::: Dataset excerpts

(* With the matrices defined in the context, the matrix $$A^E_{p\beta}=\begin{pmatrix}A_p^E & \tau B_{\bm w}M_{\bm w}^{-1}B_\beta^\top\\ \tau B_\beta M_{\bm w}^{-1}B_{\bm w}^\top & \tau B_\beta M_{\bm w}^{-1}B_\beta^\top\end{pmatrix},\qquad A_p^E=\tfrac1M M_p+\alpha^2B_bD_{bb}^{-1}B_b^\top+\tau B_{\bm w}M_{\bm w}^{-1}B_{\bm w}^\top+\tfrac{\alpha^2}{\zeta^2}M_p,$$ is symmetric positive definite, where $\zeta=\sqrt{\lambda+2\mu/d}$.
   Context: Finite element setting: $\Omega\subset\mathbb R^d$ ($d=2,3$) bounded polygonal/polyhedral with boundary split into $\Gamma_t,\Gamma_c$; parameters $\mu>0,\lambda\ge0,\alpha>0,M>0$, $\kappa$ symmetric uniformly positive definite, $\tau>0$; $a_T(\bm u,\bm v)=2\mu\int_T\epsilon(\bm u):\epsilon(\bm v)+\lambda\int_T(\nabla\cdot\bm u)(\nabla\cdot\bm v)$. Quasi-uniform shape-regular simplicial mesh $\mathcal T_h$, faces with fixed unit normals $\bm n_e$; $(p,q)_h=\sum_T\int_Tpq$, $(\beta,\rho)_{\partial\mathcal T_h}=\sum_T\int_{\partial T}\beta\rho$. Spaces: bubbles $\bm\Phi_e=\varphi_e\bm n_e$ with $\varphi_e|_T$ the product of barycentric coordinates of $T$ at the vertices of face $e$ ($T\supset e$), $\bm V_b$ spanned by $\bm\Phi_e$ for faces not contained in $\overline\Gamma_c$; $Q_h$ piecewise constants; $B_h$ piecewise constants on faces; $\bm W_h$ elementwise $RT_0$ fields without inter-element continuity and zero normal component on boundary faces. $d_b(\bm u^b,\bm v^b)=\sum_T(d+1)\sum_{e\subset\partial T}u_ev_ea_T(\bm\Phi_e,\bm\Phi_e)$. Matrices (w.r.t. basis $\{\bm\Phi_e\}$ of $\bm V_b$, characteristic-function bases of $Q_h,B_h$, a basis of $\bm W_h$): $D_{bb}\leftrightarrow d_b$; $B_b\leftrightarrow-(\nabla\cdot\bm u^b,q)$; $B_{\bm w}\leftrightarrow-(\nabla\cdot\bm w,q)_h$; $B_\beta\leftrightarrow-(\bm w\cdot\bm n_e,\rho)_{\partial\mathcal T_h}$; $M_p\leftrightarrow(p,q)$; $M_{\bm w}\leftrightarrow(\kappa^{-1}\bm w,\bm r)_h$.
   Formalization: The space $B_h$ consists of piecewise constants on the interior faces only, not on all faces, so $B_\beta$ has one row per interior face. The statement above fails without it. *)

From HB Require Import structures.
From mathcomp Require Import all_boot all_order all_algebra.
Set Implicit Arguments. Unset Strict Implicit. Unset Printing Implicit Defensive.
Import Order.TTheory GRing.Theory Num.Theory.
Local Open Scope ring_scope.

Definition spd (R : realFieldType) (n : nat) (A : 'M[R]_n) : Prop :=
  A^T = A /\ forall v : 'cV[R]_n, v != 0 -> 0 < (v^T *m A *m v) 0 0.

(* Mesh data: elements, faces, face-element incidence, contact faces,
   sign n_e . n_{partial T} of the fixed face normal w.r.t. the outward normal,
   element volumes |T|, face measures |e|, and for the bubble of face e on T:
   strain T e = int_T eps(Phi_e):eps(Phi_e), divsq T e = int_T (div Phi_e)^2. *)
Record mesh (R : rcfType) := Mesh {
  Elem : finType;
  Face : finType;
  inc : Elem -> Face -> bool;
  contact : Face -> bool;
  sgn : Elem -> Face -> R;
  vol : Elem -> R;
  area : Face -> R;
  strain : Elem -> Face -> R;
  divsq : Elem -> Face -> R
}.

Section MeshDefs.
Variables (R : rcfType) (m : mesh R).

Definition nelem (e : Face m) : nat := #|[set T | inc T e]|.
Definition interior (e : Face m) : bool := nelem e == 2%N.
Definition boundary (e : Face m) : bool := nelem e == 1%N.

Definition mesh_ok (d : nat) : Prop :=
  [/\ forall T : Elem m, #|[set e | inc T e]| = d.+1,
      forall e : Face m, interior e || boundary e,
      forall (T : Elem m) (e : Face m), inc T e -> sgn T e = 1 \/ sgn T e = -1,
      forall (e : Face m) (T1 T2 : Elem m), inc T1 e -> inc T2 e -> T1 != T2 -> sgn T1 e = - sgn T2 e &
      [/\ forall T : Elem m, 0 < vol T, forall e : Face m, 0 < area e,
          forall (T : Elem m) (e : Face m), inc T e -> 0 < strain T e,
          forall (T : Elem m) (e : Face m), inc T e -> 0 <= divsq T e &
          forall e, contact e -> boundary e]].

Definition VbI := {e : Face m | ~~ contact e}.          (* bubbles Phi_e *)
Definition BI := {e : Face m | interior e}.               (* multipliers on faces *)
Definition WI := {p : Elem m * Face m | inc p.1 p.2 && interior p.2}.
  (* RT0 basis psi_(T,e): supported on T, flux 1 through face e, 0 through others *)

HB.instance Definition _ := Finite.copy VbI {e : Face m | ~~ contact e}.
HB.instance Definition _ := Finite.copy BI {e : Face m | interior e}.
HB.instance Definition _ := Finite.copy WI {p : Elem m * Face m | inc p.1 p.2 && interior p.2}.

Definition nQ := #|{: Elem m}|.
Definition nV := #|{: VbI}|.
Definition nB := #|{: BI}|.
Definition nW := #|{: WI}|.

(* int_e varphi_e = |e| (d-1)! / (2d-1)! *)
Definition bubble_int (d : nat) (e : Face m) : R :=
  area e * ((d.-1)`!)%:R / (((2 * d).-1)`!)%:R.

Definition Mp : 'M[R]_nQ :=
  \matrix_(i, j) (if i == j then vol (enum_val i) else 0).

Definition a_bub (mu lambda : R) (T : Elem m) (e : Face m) : R :=
  2 * mu * strain T e + lambda * divsq T e.

Definition Dbb (d : nat) (mu lambda : R) : 'M[R]_nV :=
  \matrix_(i, j) (if i == j then
     (d.+1)%:R * \sum_(T | inc T (val (enum_val i))) a_bub mu lambda T (val (enum_val i))
   else 0).

(* -(div Phi_e, 1_T) = - (n_e.n_T) int_e varphi_e *)
Definition Bb (d : nat) : 'M[R]_(nQ, nV) :=
  \matrix_(i, j) (let T := enum_val i in let e := val (enum_val j) in
     if inc T e then - (sgn T e * bubble_int d e) else 0).

(* -(div psi_(T',e'), 1_T) = - [T == T'] *)
Definition Bw : 'M[R]_(nQ, nW) :=
  \matrix_(i, j) (- (enum_val i == (val (enum_val j)).1)%:R).

(* -(psi_(T',e') . n_e, 1_e)_{partial T_h} = - [e == e'] (n_e . n_T') *)
Definition Bbeta : 'M[R]_(nB, nW) :=
  \matrix_(i, j) (let p := val (enum_val j) in
     - ((val (enum_val i) == p.2)%:R * sgn p.1 p.2)).

Definition ApE (d : nat) (mu lambda alpha M tau : R) (Mw : 'M[R]_nW) : 'M[R]_nQ :=
  let zeta := Num.sqrt (lambda + 2 * mu / d%:R) in
  M^-1 *: Mp + alpha ^+ 2 *: (Bb d *m invmx (Dbb d mu lambda) *m (Bb d)^T)
  + tau *: (Bw *m invmx Mw *m Bw^T) + (alpha ^+ 2 / zeta ^+ 2) *: Mp.

Definition ApbE (d : nat) (mu lambda alpha M tau : R) (Mw : 'M[R]_nW)
  : 'M[R]_(nQ + nB) :=
  block_mx (ApE d mu lambda alpha M tau Mw) (tau *: (Bw *m invmx Mw *m Bbeta^T))
           (tau *: (Bbeta *m invmx Mw *m Bw^T)) (tau *: (Bbeta *m invmx Mw *m Bbeta^T)).

End MeshDefs.

(* Splitting off the pressure-only terms, A^E_{p beta} is
   diag(Q, 0) + tau C Mw^{-1} C^T with C = [B_w; B_beta] and
   Q = (1/M + alpha^2/zeta^2) M_p + alpha^2 B_b D_bb^{-1} B_b^T, where M_p and D_bb
   are diagonal with positive entries.  Both summands are positive semidefinite
   and Q is definite, so only vectors (0, b) with b <> 0 need the second summand.
   Every interior face e lies on some element T, and the column of B_beta for the
   RT0 field of (T, e) is zero except for the entry -+1 in row e; hence
   B_beta^T b <> 0. *)
From mathcomp Require Import all_boot all_order all_algebra.
Import Order.TTheory GRing.Theory Num.Theory.
Local Open Scope ring_scope.
Set Implicit Arguments. Unset Strict Implicit.

Section QuadraticForms.
Variable R : realFieldType.

Definition qform n (A : 'M[R]_n) (v : 'cV_n) : R := (v^T *m A *m v) 0 0.

Definition psd n (A : 'M[R]_n) : Prop := A^T = A /\ forall v, 0 <= qform A v.

Lemma qformD n (A B : 'M[R]_n) v : qform (A + B) v = qform A v + qform B v.
Proof. by rewrite /qform mulmxDr mulmxDl mxE. Qed.

Lemma qformZ n a (A : 'M[R]_n) v : qform (a *: A) v = a * qform A v.
Proof. by rewrite /qform -scalemxAr -scalemxAl mxE. Qed.

Lemma qform0v n (A : 'M[R]_n) : qform A 0 = 0.
Proof. by rewrite /qform mulmx0 mxE. Qed.

Lemma qform_congr n k (C : 'M[R]_(n, k)) X v :
  qform (C *m X *m C^T) v = qform X (C^T *m v).
Proof. by rewrite /qform trmx_mul trmxK !mulmxA. Qed.

Lemma qform_block_diag0 n1 n2 (Q : 'M[R]_n1) p (b : 'cV_n2) :
  qform (block_mx Q 0 0 0) (col_mx p b) = qform Q p.
Proof.
by rewrite /qform tr_col_mx mul_row_block mul_row_col !mulmx0 !addr0 mul0mx addr0.
Qed.

Lemma spd_psd n (A : 'M[R]_n) : spd A -> psd A.
Proof.
move=> [sA pA]; split=> // v; have [->|/pA/ltW //] := eqVneq v 0.
by rewrite qform0v.
Qed.

Lemma psdZ n a (A : 'M[R]_n) : 0 <= a -> psd A -> psd (a *: A).
Proof.
move=> a_ge0 [sA pA]; split=> [|v]; first by rewrite linearZ /= sA.
by rewrite qformZ mulr_ge0.
Qed.

Lemma psd_congr n k (C : 'M[R]_(n, k)) X : psd X -> psd (C *m X *m C^T).
Proof.
move=> [sX pX]; split=> [|v]; last by rewrite qform_congr.
by rewrite !trmx_mul trmxK sX mulmxA.
Qed.

Lemma spdDl_psd n (A B : 'M[R]_n) : spd A -> psd B -> spd (A + B).
Proof.
move=> [sA pA] [sB pB]; split=> [|v v0]; first by rewrite linearD /= sA sB.
by rewrite -/(qform _ v) qformD ltr_pwDl ?pA.
Qed.

Lemma spdZ n a (A : 'M[R]_n) : 0 < a -> spd A -> spd (a *: A).
Proof.
move=> a_gt0 [sA pA]; split=> [|v v0]; first by rewrite linearZ /= sA.
by rewrite -/(qform _ v) qformZ mulr_gt0 ?pA.
Qed.

Lemma spd_unitmx n (A : 'M[R]_n) : spd A -> A \in unitmx.
Proof.
move=> [_ pA]; rewrite unitmxE unitfE; apply/negP => /det0P [v v0 vA].
have vT0 : v^T != 0 by rewrite -(inj_eq (@trmx_inj _ _ _)) trmxK trmx0.
by have := pA _ vT0; rewrite trmxK vA mul0mx mxE ltxx.
Qed.

Lemma spd_invmx n (A : 'M[R]_n) : spd A -> spd (invmx A).
Proof.
move=> spdA; have uA := spd_unitmx spdA; case: spdA => sA pA.
split=> [|v v0]; first by rewrite trmx_inv sA.
have w0 : invmx A *m v != 0.
  by apply: contra v0 => /eqP w0; rewrite -(mulKVmx uA v) w0 mulmx0.
have := pA _ w0; rewrite trmx_mul trmx_inv sA.
by rewrite -!mulmxA (mulmxA A) (mulmxV uA) mul1mx !mulmxA.
Qed.

Lemma diag_spd n (D : 'M[R]_n) (f : 'I_n -> R) :
  (forall i j, D i j = if i == j then f i else 0) -> (forall i, 0 < f i) ->
  spd D.
Proof.
move=> Dij f_gt0; split.
  by apply/matrixP => i j; rewrite !mxE !Dij eq_sym; case: eqP => // ->.
move=> v v0.
have -> : (v^T *m D *m v) 0 0 = \sum_j f j * v j 0 ^+ 2.
  rewrite mxE; apply: eq_bigr => j _.
  rewrite mxE (bigD1 j) //= big1 => [|k /negPf kj]; last by rewrite Dij kj mulr0.
  by rewrite addr0 !mxE Dij eqxx mulrAC -expr2 mulrC.
have /matrix0Pn [i [j vij]] := v0; rewrite ord1 in vij.
have vi_sqr_gt0 : 0 < v i 0 ^+ 2 by rewrite lt_def sqrf_eq0 vij sqr_ge0.
rewrite (bigD1 i) //= (ltr_pwDl (mulr_gt0 (f_gt0 i) vi_sqr_gt0)) //.
by rewrite sumr_ge0 // => k _; rewrite mulr_ge0 ?sqr_ge0 ?ltW.
Qed.

Lemma spd_block_congr n1 n2 k (Q : 'M[R]_n1) (X : 'M[R]_k)
    (C1 : 'M[R]_(n1, k)) (C2 : 'M[R]_(n2, k)) :
  spd Q -> spd X -> (forall b : 'cV_n2, b != 0 -> C2^T *m b != 0) ->
  spd (block_mx Q 0 0 0 + col_mx C1 C2 *m X *m (col_mx C1 C2)^T).
Proof.
move=> spdQ spdX C2T_inj; have [sQ _] := spdQ; have [_ pX] := spd_psd spdX.
have [sCXC _] := psd_congr (col_mx C1 C2) (spd_psd spdX).
split=> [|v v0].
  by rewrite linearD /= sCXC tr_block_mx !trmx0 sQ.
rewrite -/(qform _ v) -(vsubmxK v) in v0 *.
move: (usubmx v) (dsubmx v) v0 => p b pb0.
rewrite qformD qform_block_diag0 qform_congr.
have [p0 | p0] := eqVneq p 0.
  rewrite p0 qform0v add0r tr_col_mx mul_row_col mulmx0 add0r.
  apply: spdX.2; apply: C2T_inj; apply: contra pb0 => /eqP ->.
  by rewrite p0 col_mx0.
exact: ltr_pwDl (spdQ.2 p p0) (pX _).
Qed.

End QuadraticForms.

Section MeshMatrices.
Variables (R : rcfType) (m : mesh R) (d : nat).
Hypothesis m_ok : mesh_ok m d.

Lemma face_has_elem (e : Face m) : exists T, inc T e.
Proof.
case: m_ok => _ face_ok _ _ _.
have : (0 < nelem e)%N by case/orP: (face_ok e) => /eqP ->.
by rewrite /nelem card_gt0 => /set0Pn [T]; rewrite inE; exists T.
Qed.

Lemma Mp_spd : spd (Mp m).
Proof.
case: m_ok => _ _ _ _ [vol_gt0 _ _ _ _].
by apply: (@diag_spd _ _ _ (fun i => vol (enum_val i))) => // i j; rewrite mxE.
Qed.

Lemma Dbb_spd mu lambda : 0 < mu -> 0 <= lambda -> spd (Dbb m d mu lambda).
Proof.
case: m_ok => _ _ _ _ [_ _ strain_gt0 divsq_ge0 _] mu_gt0 lambda_ge0.
have a_bub_gt0 (T : Elem m) (e : Face m) : inc T e -> 0 < a_bub mu lambda T e.
  move=> Te; rewrite /a_bub; apply: ltr_pwDl; last by rewrite mulr_ge0 ?divsq_ge0.
  by rewrite !mulr_gt0 ?strain_gt0.
apply: (@diag_spd _ _ _ (fun i => (d.+1)%:R *
  \sum_(T | inc T (val (enum_val i))) a_bub mu lambda T (val (enum_val i)))).
  by move=> i j; rewrite mxE.
move=> i; have [T Te] := face_has_elem (val (enum_val i)).
rewrite mulr_gt0 ?ltr0Sn // (bigD1 T) //= ltr_pwDl ?a_bub_gt0 //.
by rewrite sumr_ge0 // => T' /andP [T'e _]; rewrite ltW ?a_bub_gt0.
Qed.

Lemma trmx_Bbeta_inj (b : 'cV[R]_(nB m)) : b != 0 -> (Bbeta m)^T *m b != 0.
Proof.
case: m_ok => _ _ sgn_unit _ _ b0.
have /matrix0Pn [i [j bij]] := b0; rewrite ord1 in bij.
set e := val (enum_val i); have e_int : interior e := valP (enum_val i).
have [T Te] := face_has_elem e.
have Te_int : inc (T, e).1 (T, e).2 && interior (T, e).2 by rewrite /= Te e_int.
pose w : WI m := exist _ (T, e) Te_int.
apply/negP => /eqP /matrixP /(_ (enum_rank w) 0).
rewrite !mxE (bigD1 i) //= big1 ?addr0 => [|k ki].
  rewrite !mxE enum_rankK /= eqxx mul1r mulNr => /eqP.
  rewrite oppr_eq0 mulf_eq0 (negPf bij) orbF.
  by case: (sgn_unit _ _ Te) => ->; rewrite ?oppr_eq0 oner_eq0.
rewrite !mxE enum_rankK /=; case: eqP => [ke|]; last by rewrite !(mul0r, oppr0).
by case/negP: ki; apply/eqP/enum_val_inj/val_inj.
Qed.

End MeshMatrices.

Lemma ApbE_split (R : rcfType) (m : mesh R) d mu lambda alpha M tau Mw :
  let zeta := Num.sqrt (lambda + 2 * mu / d%:R) in
  let C := col_mx (Bw m) (Bbeta m) in
  ApbE d mu lambda alpha M tau Mw =
  block_mx ((M^-1 + alpha ^+ 2 / zeta ^+ 2) *: Mp m
            + alpha ^+ 2 *: (Bb m d *m invmx (Dbb m d mu lambda) *m (Bb m d)^T)) 0 0 0
  + C *m (tau *: invmx Mw) *m C^T.
Proof.
move=> zeta C; rewrite -scalemxAr -scalemxAl /C mul_col_mx tr_col_mx mul_col_row.
rewrite scale_block_mx add_block_mx !add0r /ApbE /ApE -/zeta scalerDl.
by congr block_mx; rewrite addrAC (addrAC (M^-1 *: _)).
Qed.

Unset Implicit Arguments.

Theorem corollary1 (R : rcfType) (d : nat) (m : mesh R)
  (mu lambda alpha M tau : R) (Mw : 'M[R]_(nW m)) :
  (2 <= d <= 3)%N -> 0 < mu -> 0 <= lambda -> 0 < alpha -> 0 < M -> 0 < tau ->
  mesh_ok m d -> spd Mw ->
  spd (@ApbE R m d mu lambda alpha M tau Mw).
Proof.
(* The bounds on d and alpha are not needed: 1/M alone makes the M_p term definite,
   and alpha^2/zeta^2 >= 0 even for the junk value zeta = 0. *)
move=> _ mu_gt0 lambda_ge0 _ M_gt0 tau_gt0 m_ok spdMw.
rewrite ApbE_split; apply: spd_block_congr; last exact: trmx_Bbeta_inj m_ok.
- apply: spdDl_psd.
    apply: spdZ (Mp_spd m_ok).
    by rewrite ltr_pwDl ?invr_gt0 ?divr_ge0 ?sqr_ge0.
  apply/psdZ/psd_congr/spd_psd/spd_invmx/Dbb_spd => //; exact: sqr_ge0.
- exact/spdZ/spd_invmx.
Qed.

::::::

Task objective:
Only the lines above starting at the line that holds "apply: (@diag_spd _ _ _ (fun i => (d.+1)%:R *" and ending at the line that holds "mesh_ok m d -> spd Mw ->" are to be repeated, exactly and in full.

Exercise solution:
apply: (@diag_spd _ _ _ (fun i => (d.+1)%:R *
  \sum_(T | inc T (val (enum_val i))) a_bub mu lambda T (val (enum_val i)))).
  by move=> i j; rewrite mxE.
move=> i; have [T Te] := face_has_elem (val (enum_val i)).
rewrite mulr_gt0 ?ltr0Sn // (bigD1 T) //= ltr_pwDl ?a_bub_gt0 //.
by rewrite sumr_ge0 // => T' /andP [T'e _]; rewrite ltW ?a_bub_gt0.
Qed.

Lemma trmx_Bbeta_inj (b : 'cV[R]_(nB m)) : b != 0 -> (Bbeta m)^T *m b != 0.
Proof.
case: m_ok => _ _ sgn_unit _ _ b0.
have /matrix0Pn [i [j bij]] := b0; rewrite ord1 in bij.
set e := val (enum_val i); have e_int : interior e := valP (enum_val i).
have [T Te] := face_has_elem e.
have Te_int : inc (T, e).1 (T, e).2 && interior (T, e).2 by rewrite /= Te e_int.
pose w : WI m := exist _ (T, e) Te_int.
apply/negP => /eqP /matrixP /(_ (enum_rank w) 0).
rewrite !mxE (bigD1 i) //= big1 ?addr0 => [|k ki].
  rewrite !mxE enum_rankK /= eqxx mul1r mulNr => /eqP.
  rewrite oppr_eq0 mulf_eq0 (negPf bij) orbF.
  by case: (sgn_unit _ _ Te) => ->; rewrite ?oppr_eq0 oner_eq0.
rewrite !mxE enum_rankK /=; case: eqP => [ke|]; last by rewrite !(mul0r, oppr0).
by case/negP: ki; apply/eqP/enum_val_inj/val_inj.
Qed.

End MeshMatrices.

Lemma ApbE_split (R : rcfType) (m : mesh R) d mu lambda alpha M tau Mw :
  let zeta := Num.sqrt (lambda + 2 * mu / d%:R) in
  let C := col_mx (Bw m) (Bbeta m) in
  ApbE d mu lambda alpha M tau Mw =
  block_mx ((M^-1 + alpha ^+ 2 / zeta ^+ 2) *: Mp m
            + alpha ^+ 2 *: (Bb m d *m invmx (Dbb m d mu lambda) *m (Bb m d)^T)) 0 0 0
  + C *m (tau *: invmx Mw) *m C^T.
Proof.
move=> zeta C; rewrite -scalemxAr -scalemxAl /C mul_col_mx tr_col_mx mul_col_row.
rewrite scale_block_mx add_block_mx !add0r /ApbE /ApE -/zeta scalerDl.
by congr block_mx; rewrite addrAC (addrAC (M^-1 *: _)).
Qed.

Unset Implicit Arguments.

Theorem corollary1 (R : rcfType) (d : nat) (m : mesh R)
  (mu lambda alpha M tau : R) (Mw : 'M[R]_(nW m)) :
  (2 <= d <= 3)%N -> 0 < mu -> 0 <= lambda -> 0 < alpha -> 0 < M -> 0 < tau ->
  mesh_ok m d -> spd Mw ->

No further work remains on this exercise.